WHAT TO PRODUCE -
A single number is needed: how many lines of the data hold the word "case".

+---+

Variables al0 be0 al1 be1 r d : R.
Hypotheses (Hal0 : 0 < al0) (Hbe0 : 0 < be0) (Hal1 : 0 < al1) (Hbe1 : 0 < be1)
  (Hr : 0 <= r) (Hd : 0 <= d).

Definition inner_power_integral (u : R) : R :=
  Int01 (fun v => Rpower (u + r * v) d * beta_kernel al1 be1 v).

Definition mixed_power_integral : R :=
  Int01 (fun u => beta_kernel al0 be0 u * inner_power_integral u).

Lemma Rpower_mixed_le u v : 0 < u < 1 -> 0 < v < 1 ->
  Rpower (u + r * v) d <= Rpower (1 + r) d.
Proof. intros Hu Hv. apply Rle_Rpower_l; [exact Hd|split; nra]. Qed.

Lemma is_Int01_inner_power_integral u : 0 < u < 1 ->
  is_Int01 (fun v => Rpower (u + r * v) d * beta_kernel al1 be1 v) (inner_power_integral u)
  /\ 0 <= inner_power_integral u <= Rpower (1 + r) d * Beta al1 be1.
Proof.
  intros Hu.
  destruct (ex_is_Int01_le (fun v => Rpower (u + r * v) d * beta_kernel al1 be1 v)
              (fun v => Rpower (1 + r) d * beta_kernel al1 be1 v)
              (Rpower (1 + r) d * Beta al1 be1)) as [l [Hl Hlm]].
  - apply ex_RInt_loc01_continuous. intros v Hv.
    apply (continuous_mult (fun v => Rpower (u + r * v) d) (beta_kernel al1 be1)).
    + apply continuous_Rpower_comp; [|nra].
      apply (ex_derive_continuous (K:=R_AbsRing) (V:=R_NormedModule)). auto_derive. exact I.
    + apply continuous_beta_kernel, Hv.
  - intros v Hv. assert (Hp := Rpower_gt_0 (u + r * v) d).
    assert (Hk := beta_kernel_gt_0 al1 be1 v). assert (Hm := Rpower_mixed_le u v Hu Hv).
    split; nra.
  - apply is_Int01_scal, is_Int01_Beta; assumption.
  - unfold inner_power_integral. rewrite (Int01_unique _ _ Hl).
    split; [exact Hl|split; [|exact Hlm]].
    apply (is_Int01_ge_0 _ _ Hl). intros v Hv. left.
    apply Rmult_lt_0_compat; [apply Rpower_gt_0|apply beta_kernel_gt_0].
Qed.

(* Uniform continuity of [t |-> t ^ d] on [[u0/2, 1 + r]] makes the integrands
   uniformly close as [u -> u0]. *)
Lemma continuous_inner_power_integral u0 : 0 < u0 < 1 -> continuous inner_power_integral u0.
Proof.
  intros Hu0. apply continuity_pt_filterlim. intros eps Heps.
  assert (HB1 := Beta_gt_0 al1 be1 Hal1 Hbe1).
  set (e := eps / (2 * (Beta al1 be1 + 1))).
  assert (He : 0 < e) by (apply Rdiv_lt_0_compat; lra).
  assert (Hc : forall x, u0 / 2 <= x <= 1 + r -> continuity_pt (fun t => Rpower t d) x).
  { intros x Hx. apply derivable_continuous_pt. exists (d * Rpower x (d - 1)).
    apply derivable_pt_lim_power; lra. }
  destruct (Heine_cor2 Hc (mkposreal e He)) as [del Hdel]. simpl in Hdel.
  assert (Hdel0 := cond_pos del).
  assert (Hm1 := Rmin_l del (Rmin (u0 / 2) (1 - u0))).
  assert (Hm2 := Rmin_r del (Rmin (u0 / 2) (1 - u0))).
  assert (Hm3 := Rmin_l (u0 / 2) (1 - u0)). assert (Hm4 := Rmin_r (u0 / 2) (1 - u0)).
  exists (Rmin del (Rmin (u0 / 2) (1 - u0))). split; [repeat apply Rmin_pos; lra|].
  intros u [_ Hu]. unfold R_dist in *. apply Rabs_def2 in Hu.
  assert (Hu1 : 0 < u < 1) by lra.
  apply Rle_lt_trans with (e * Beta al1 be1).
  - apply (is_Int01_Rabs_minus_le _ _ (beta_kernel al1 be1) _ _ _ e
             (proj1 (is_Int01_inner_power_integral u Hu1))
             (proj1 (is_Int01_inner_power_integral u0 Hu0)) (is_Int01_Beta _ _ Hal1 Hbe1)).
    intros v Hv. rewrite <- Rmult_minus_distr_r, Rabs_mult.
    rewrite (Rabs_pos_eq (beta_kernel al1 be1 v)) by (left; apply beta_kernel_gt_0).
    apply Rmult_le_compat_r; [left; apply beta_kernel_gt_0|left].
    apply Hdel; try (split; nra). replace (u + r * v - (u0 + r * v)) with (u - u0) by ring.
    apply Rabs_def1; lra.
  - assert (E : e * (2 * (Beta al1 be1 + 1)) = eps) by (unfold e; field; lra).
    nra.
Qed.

+---+

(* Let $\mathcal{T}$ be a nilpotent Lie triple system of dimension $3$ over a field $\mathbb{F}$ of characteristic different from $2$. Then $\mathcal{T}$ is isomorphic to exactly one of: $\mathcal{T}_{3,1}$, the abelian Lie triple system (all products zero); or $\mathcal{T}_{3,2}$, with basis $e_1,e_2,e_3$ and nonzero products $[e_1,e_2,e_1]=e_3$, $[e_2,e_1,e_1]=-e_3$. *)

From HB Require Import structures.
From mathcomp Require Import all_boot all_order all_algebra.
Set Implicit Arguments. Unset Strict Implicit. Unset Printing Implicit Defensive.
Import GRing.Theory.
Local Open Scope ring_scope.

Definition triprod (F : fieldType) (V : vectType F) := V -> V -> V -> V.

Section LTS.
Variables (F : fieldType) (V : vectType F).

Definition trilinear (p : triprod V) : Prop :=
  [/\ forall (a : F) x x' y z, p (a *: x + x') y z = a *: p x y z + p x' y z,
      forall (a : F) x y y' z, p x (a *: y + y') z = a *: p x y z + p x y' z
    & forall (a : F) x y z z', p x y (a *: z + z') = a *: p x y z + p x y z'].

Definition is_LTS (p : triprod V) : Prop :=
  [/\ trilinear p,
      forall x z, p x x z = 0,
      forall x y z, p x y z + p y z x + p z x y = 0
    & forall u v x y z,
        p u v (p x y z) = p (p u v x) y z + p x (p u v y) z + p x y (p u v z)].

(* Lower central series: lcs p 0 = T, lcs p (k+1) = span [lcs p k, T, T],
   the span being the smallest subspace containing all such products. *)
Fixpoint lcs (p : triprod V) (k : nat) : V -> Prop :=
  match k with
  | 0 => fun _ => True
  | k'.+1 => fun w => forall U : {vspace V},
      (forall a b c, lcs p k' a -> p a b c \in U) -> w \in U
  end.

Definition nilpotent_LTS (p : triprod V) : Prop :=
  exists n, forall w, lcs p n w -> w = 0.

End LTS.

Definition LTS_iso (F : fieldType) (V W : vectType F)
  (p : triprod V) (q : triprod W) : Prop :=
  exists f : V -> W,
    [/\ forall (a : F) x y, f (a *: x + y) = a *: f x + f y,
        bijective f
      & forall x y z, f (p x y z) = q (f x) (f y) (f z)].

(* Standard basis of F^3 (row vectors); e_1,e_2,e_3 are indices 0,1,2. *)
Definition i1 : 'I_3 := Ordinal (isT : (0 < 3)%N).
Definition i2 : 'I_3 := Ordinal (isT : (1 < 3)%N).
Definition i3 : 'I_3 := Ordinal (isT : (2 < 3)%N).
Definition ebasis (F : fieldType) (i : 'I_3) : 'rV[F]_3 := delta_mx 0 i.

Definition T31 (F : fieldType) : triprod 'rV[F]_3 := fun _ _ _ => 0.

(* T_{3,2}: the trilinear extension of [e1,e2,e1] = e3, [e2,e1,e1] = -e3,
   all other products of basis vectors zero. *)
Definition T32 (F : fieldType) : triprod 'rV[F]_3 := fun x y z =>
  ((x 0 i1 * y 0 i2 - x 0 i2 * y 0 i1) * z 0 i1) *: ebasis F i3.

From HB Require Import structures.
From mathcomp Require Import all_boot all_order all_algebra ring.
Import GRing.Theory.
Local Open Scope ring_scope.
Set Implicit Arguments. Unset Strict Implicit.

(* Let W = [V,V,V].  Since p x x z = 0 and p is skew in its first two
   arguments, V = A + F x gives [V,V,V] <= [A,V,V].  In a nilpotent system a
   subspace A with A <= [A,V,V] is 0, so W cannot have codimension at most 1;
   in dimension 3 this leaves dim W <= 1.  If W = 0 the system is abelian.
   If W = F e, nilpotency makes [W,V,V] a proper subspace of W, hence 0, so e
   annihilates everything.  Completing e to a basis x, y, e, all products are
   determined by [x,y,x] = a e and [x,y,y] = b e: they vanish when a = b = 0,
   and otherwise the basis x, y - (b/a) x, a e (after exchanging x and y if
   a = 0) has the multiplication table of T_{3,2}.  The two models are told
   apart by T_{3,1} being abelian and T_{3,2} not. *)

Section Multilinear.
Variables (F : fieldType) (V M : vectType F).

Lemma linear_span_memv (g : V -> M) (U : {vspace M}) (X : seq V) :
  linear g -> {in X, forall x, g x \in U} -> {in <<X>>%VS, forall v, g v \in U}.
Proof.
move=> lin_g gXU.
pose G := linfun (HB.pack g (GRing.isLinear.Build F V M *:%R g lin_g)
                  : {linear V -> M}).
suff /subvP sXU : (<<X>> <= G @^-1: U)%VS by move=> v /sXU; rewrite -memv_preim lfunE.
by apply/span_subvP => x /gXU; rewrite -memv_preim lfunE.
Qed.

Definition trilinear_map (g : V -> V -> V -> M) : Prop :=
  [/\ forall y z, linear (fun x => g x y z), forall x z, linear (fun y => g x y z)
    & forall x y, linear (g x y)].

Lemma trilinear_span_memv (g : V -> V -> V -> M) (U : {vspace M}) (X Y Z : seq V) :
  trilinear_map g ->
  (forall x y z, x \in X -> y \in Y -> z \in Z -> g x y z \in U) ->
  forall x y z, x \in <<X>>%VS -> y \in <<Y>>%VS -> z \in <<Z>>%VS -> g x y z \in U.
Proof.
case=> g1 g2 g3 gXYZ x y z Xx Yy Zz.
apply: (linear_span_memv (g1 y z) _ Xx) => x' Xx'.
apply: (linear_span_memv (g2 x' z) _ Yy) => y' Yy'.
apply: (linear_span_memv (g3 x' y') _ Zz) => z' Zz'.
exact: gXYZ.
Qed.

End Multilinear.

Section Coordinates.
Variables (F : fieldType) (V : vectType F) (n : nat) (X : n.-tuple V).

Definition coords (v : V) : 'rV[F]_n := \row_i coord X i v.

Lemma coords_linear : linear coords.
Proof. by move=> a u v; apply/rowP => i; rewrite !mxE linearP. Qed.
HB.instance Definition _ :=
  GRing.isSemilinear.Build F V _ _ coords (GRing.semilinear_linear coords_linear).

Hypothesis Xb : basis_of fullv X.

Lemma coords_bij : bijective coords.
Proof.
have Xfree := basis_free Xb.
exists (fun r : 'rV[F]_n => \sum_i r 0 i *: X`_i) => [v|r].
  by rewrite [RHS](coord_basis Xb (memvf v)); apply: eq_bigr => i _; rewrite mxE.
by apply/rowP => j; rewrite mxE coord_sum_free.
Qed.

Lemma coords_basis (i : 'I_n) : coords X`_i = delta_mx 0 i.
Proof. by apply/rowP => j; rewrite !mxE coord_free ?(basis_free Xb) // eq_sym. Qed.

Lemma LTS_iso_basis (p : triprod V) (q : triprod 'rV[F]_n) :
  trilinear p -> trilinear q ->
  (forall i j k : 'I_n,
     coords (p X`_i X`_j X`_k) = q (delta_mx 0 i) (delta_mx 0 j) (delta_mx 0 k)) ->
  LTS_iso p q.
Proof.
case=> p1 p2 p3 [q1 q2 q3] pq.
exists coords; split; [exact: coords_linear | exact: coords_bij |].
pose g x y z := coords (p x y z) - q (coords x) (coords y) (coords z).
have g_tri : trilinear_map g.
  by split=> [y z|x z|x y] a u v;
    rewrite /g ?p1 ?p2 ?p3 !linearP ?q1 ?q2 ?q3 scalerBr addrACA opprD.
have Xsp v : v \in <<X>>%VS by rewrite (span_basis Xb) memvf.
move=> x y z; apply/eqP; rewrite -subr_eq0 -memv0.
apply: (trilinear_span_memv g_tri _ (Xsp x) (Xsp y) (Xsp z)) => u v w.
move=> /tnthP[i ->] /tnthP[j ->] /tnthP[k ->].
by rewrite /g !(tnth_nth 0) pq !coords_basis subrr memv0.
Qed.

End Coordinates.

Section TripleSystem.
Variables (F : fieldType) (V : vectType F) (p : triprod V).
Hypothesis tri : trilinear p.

+---+

SOLUTION -
2